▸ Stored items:
Lemma diag_form_le_eq0 n (h : 'I_n -> R) (M : R) (w : 'rV[R[i]]_n) :
  (forall l, h l <= M -> w 0 l = 0) ->
  (w *m diag_mx (\row_l (h l)%:C) *m adjmx w) 0 0
    <= M%:C * (w *m adjmx w) 0 0 ->
  w = 0.
Proof.
move=> w_supp; rewrite diag_formE adjmx_dotE mulr_sumr -subr_le0 -sumrB.
pose F l := ((h l)%:C - M%:C) * (w 0 l * Num.conj (w 0 l)).
rewrite (eq_bigr F) => [le_sum0|l _]; last by rewrite /F mxE mulrBl.
have F_ge0 l : 0 <= F l.
  rewrite /F; have [/w_supp ->|lt_Mh] := leP (h l) M.
    by rewrite mul0r mulr0.
  by apply: mulr_ge0; [rewrite subr_ge0 lecR ltW | exact: mul_conjC_ge0].
have sumF0 : \sum_l F l = 0 by apply: le_anti; rewrite le_sum0 sumr_ge0.
have F_eq0 := psumr_eq0P (fun l _ => F_ge0 l) sumF0.
apply/rowP => l; rewrite mxE; have [/w_supp //|lt_Mh] := leP (h l) M.
move: (F_eq0 l isT) => /eqP; rewrite mulf_eq0 mul_conjC_eq0 subr_eq0.
by rewrite (inj_eq (@complexI R)) gt_eqF //= => /eqP.
Qed.

Lemma card_ev_gt_le_constraints n (H P : 'M[R[i]]_n) (h : 'I_n -> R)
    (I : finType) (Z : {set I}) (g : I -> 'rV[R[i]]_n) (M : R) :
  P *m adjmx P = 1%:M -> H = adjmx P *m diag_mx (\row_l (h l)%:C) *m P ->
  (forall u : 'rV[R[i]]_n, (forall z, z \in Z -> (u *m adjmx (g z)) 0 0 = 0) ->
     (u *m H *m adjmx u) 0 0 <= M%:C * (u *m adjmx u) 0 0) ->
  (#|[set l | (M < h l)%R]| <= #|Z|)%N.
Proof.
move=> PPt H_spec H_form; set T := [set l | _].
rewrite leqNgt; apply/negP => ltZT.
(* Counting dimensions, some nonzero [w] supported on [T] makes [w *m P]
   orthogonal to every [g z]; the form of [H] at [w *m P] then exceeds [M]. *)
pose S : 'M[R[i]]_(#|T|, n) := rowsub enum_val 1%:M.
pose G : 'M[R[i]]_(#|Z|, n) := \matrix_(r, k) g (enum_val r) 0 k.
have [c c_neq0 cX] := left_kernel_neq0 (S *m P *m adjmx G) ltZT.
pose w := c *m S.
have wS a : w 0 (enum_val a) = c 0 a.
  rewrite !mxE (bigD1 a) //= big1 ?addr0 => [|b ne_ba]; rewrite !mxE.
    by rewrite eqxx mulr1.
  by rewrite (inj_eq enum_val_inj) (negbTE ne_ba) mulr0.
have w_supp l : h l <= M -> w 0 l = 0.
  move=> le_hM; rewrite !mxE big1 // => b _; rewrite !mxE.
  have : enum_val b \in T := enum_valP b.
  case: eqP => [-> | _ _]; last by rewrite mulr0.
  by rewrite inE ltNge le_hM.
have /negP : w != 0.
  by apply: contra_neq c_neq0 => w0; apply/rowP => a; rewrite -wS w0 !mxE.
apply; apply/eqP/(diag_form_le_eq0 w_supp).
have w_perp z : z \in Z -> (w *m P *m adjmx (g z)) 0 0 = 0.
  move=> Zz; have /matrixP/(_ 0 (enum_rank_in Zz z)) := cX.
  rewrite !mulmxA [RHS]mxE => <-; rewrite [LHS]mxE [RHS]mxE.
  by apply: eq_bigr => k _; congr (_ * _); rewrite /adjmx !mxE enum_rankK_in.
have PtwP : P *m adjmx (w *m P) = adjmx w by rewrite adjmxM mulmxA PPt mul1mx.
clearbody w; have := H_form _ w_perp.
by rewrite H_spec !mulmxA -(mulmxA w P) PPt mulmx1 -!mulmxA PtwP !mulmxA.
Qed.

Lemma hadamard_hermitian n (A B : 'M[R[i]]_n) :
  Defs.hermitian A -> Defs.hermitian B -> Defs.hermitian (hadamard A B).
Proof.
move=> adjA adjB; apply/matrixP => p q.
have /matrixP/(_ p q) := adjA; have /matrixP/(_ p q) := adjB.
by rewrite /adjmx /hadamard !mxE => <- <-; rewrite rmorphM.
Qed.

Lemma spectral_entry n (P : 'M[R[i]]_n) (d : 'rV[R[i]]_n) p q :
  (adjmx P *m diag_mx d *m P) p q = \sum_i Num.conj (P i p) * d 0 i * P i q.
Proof. by rewrite mul_mx_diag !mxE; apply: eq_bigr => i _; rewrite !mxE. Qed.

Section HadamardSpectral.
Variables (n : nat) (P Q : 'M[R[i]]_n).
Lemma sg_ext_lt {R : numDomainType} {m} {sg : nat -> R} : (1 <= m)%N ->
  (forall i, (1 <= i < m)%N -> sg i < sg i.+1) ->
  {homo sg_ext m sg : i j / (i < j)%N >-> i < j}.
Proof.
move=> m1 sg_lt; apply: homo_ltn => [i j k|i]; first exact: lt_trans.
rewrite /sg_ext; case: i => [|i] /=.
  by rewrite ifF ?ltrBlDr ?ltrDl //; lia.
case: (ltngtP m i.+1) => hm.
- by rewrite ifT ?ltrD2l ?ltr_nat //; lia.
- by rewrite ifF; [apply: sg_lt | ]; lia.
- by rewrite -hm ltnSn ltrDl.
Qed.

Lemma sg_ext_mul {R : realType} {m} {q : nat -> R} (sg : nat -> R) {c : R} {i} :
  0 <= c <= qx m q i -> c * sg_ext m sg i = c * sg i.
Proof.
move=> /andP [c0 cq]; have [i_in|i_out] := boolP (1 <= i <= m)%N.
  by rewrite /sg_ext ifF ?ifF //; lia.
have -> : c = 0 by move: cq; rewrite /qx (negbTE i_out); lra.
by rewrite !mul0r.
Qed.

Lemma qx_ge0 {R : realType} {m} {q : nat -> R} :
  (forall i, (1 <= i <= m)%N -> 0 < q i) -> forall i, 0 <= qx m q i.
Proof. by move=> q_gt0 i; rewrite /qx; case: ifP => // /q_gt0 /ltW. Qed.

Lemma iext_inner m n ii J : (2 <= J <= n)%N -> iext m n ii J = ii J.
Proof. by move=> hJ; rewrite /iext !ifF //; lia. Qed.

Lemma sext_inner {R : realType} n (s : nat -> R) J : (2 <= J <= n)%N -> sext n s J = s J.
Proof. by move=> hJ; rewrite /sext ifF //; lia. Qed.

Definition dq_mass {R : realType} m n (q : nat -> R) ii (s : nat -> R) J :=
  cut_mass (qx m q) (iext m n ii J) (sext n s J).
Definition dq_moment {R : realType} m n (q sg : nat -> R) ii (s : nat -> R) J :=
  cut_moment (qx m q) (sg_ext m sg) (iext m n ii J) (sext n s J).

Section DQ.
Context {R : realType} {m n : nat} {q : nat -> R} {ii : nat -> nat} {s : nat -> R}.
Hypothesis q_gt0 : forall i, (1 <= i <= m)%N -> 0 < q i.
Hypothesis params : dq_params m q n ii s.

Local Notation mass := (dq_mass m n q ii s).

Lemma iext_lt {J} : (1 <= J <= n)%N -> (iext m n ii J < iext m n ii J.+1)%N.
Proof.
case: params => range [incr _] hJ; rewrite /iext.
have := range J; have := range J.+1; have := incr J.
by repeat case: eqP; lia.
Qed.

Lemma iext_le {J} : (1 <= J <= n.+1)%N -> (iext m n ii J <= m.+1)%N.
Proof.
case: params => range _ hJ; rewrite /iext; have := range J.
by repeat case: eqP; lia.
Qed.

Lemma sext_bounds {J} : (1 <= J <= n.+1)%N -> 0 <= sext n s J <= qx m q (iext m n ii J).
Proof.
case: params => range [_ bounds] hJ; rewrite /sext /iext /qx.
have := range J; have := bounds J.
by move=> hs hr; repeat case: ifP => //=; rewrite ?lexx //; lia.
Qed.

Lemma qx_gt0_between {J} : (1 <= J <= n)%N ->
  forall i, (iext m n ii J < i < iext m n ii J.+1)%N -> 0 < qx m q i.
Proof.
move=> hJ i hi; have : (iext m n ii J.+1 <= m.+1)%N by apply: iext_le; lia.
by move=> hle; rewrite /qx ifT ?q_gt0; lia.
Qed.

Lemma dq_p_mass {J} : (1 <= J <= n)%N ->
  dq_p m q n ii s J = mass J.+1 - mass J.
Proof. by move=> hJ; rewrite /dq_mass cut_mass_sub // iext_lt. Qed.

Lemma dq_eps_slope sg {J} : (1 <= J <= n)%N ->
  dq_eps m q sg n ii s J =
  (dq_moment m n q sg ii s J.+1 - dq_moment m n q sg ii s J) / (mass J.+1 - mass J).
Proof.
move=> hJ; rewrite /dq_eps dq_p_mass // /dq_moment cut_moment_sub ?iext_lt //.
have hs : 0 <= sext n s J <= qx m q (iext m n ii J) by apply: sext_bounds; lia.
have ht : 0 <= qx m q (iext m n ii J.+1) - sext n s J.+1 <= qx m q (iext m n ii J.+1).
  have /andP [t0 tq] : 0 <= sext n s J.+1 <= qx m q (iext m n ii J.+1).
    by apply: sext_bounds; lia.
  by apply/andP; split; lra.
rewrite /dq_num (sg_ext_mul sg hs) (sg_ext_mul sg ht); congr ((_ + _) / _).
apply: eq_big_nat => i _.
have hi : 0 <= qx m q i <= qx m q i by rewrite qx_ge0 ?lexx.
by rewrite (sg_ext_mul sg hi).
Qed.
End DQ.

▸ Work required: Gather from the records above every line containing the string "exact".

▸ Response to the task:
  by apply: mulr_ge0; [rewrite subr_ge0 lecR ltW | exact: mul_conjC_ge0].
move=> m1 sg_lt; apply: homo_ltn => [i j k|i]; first exact: lt_trans.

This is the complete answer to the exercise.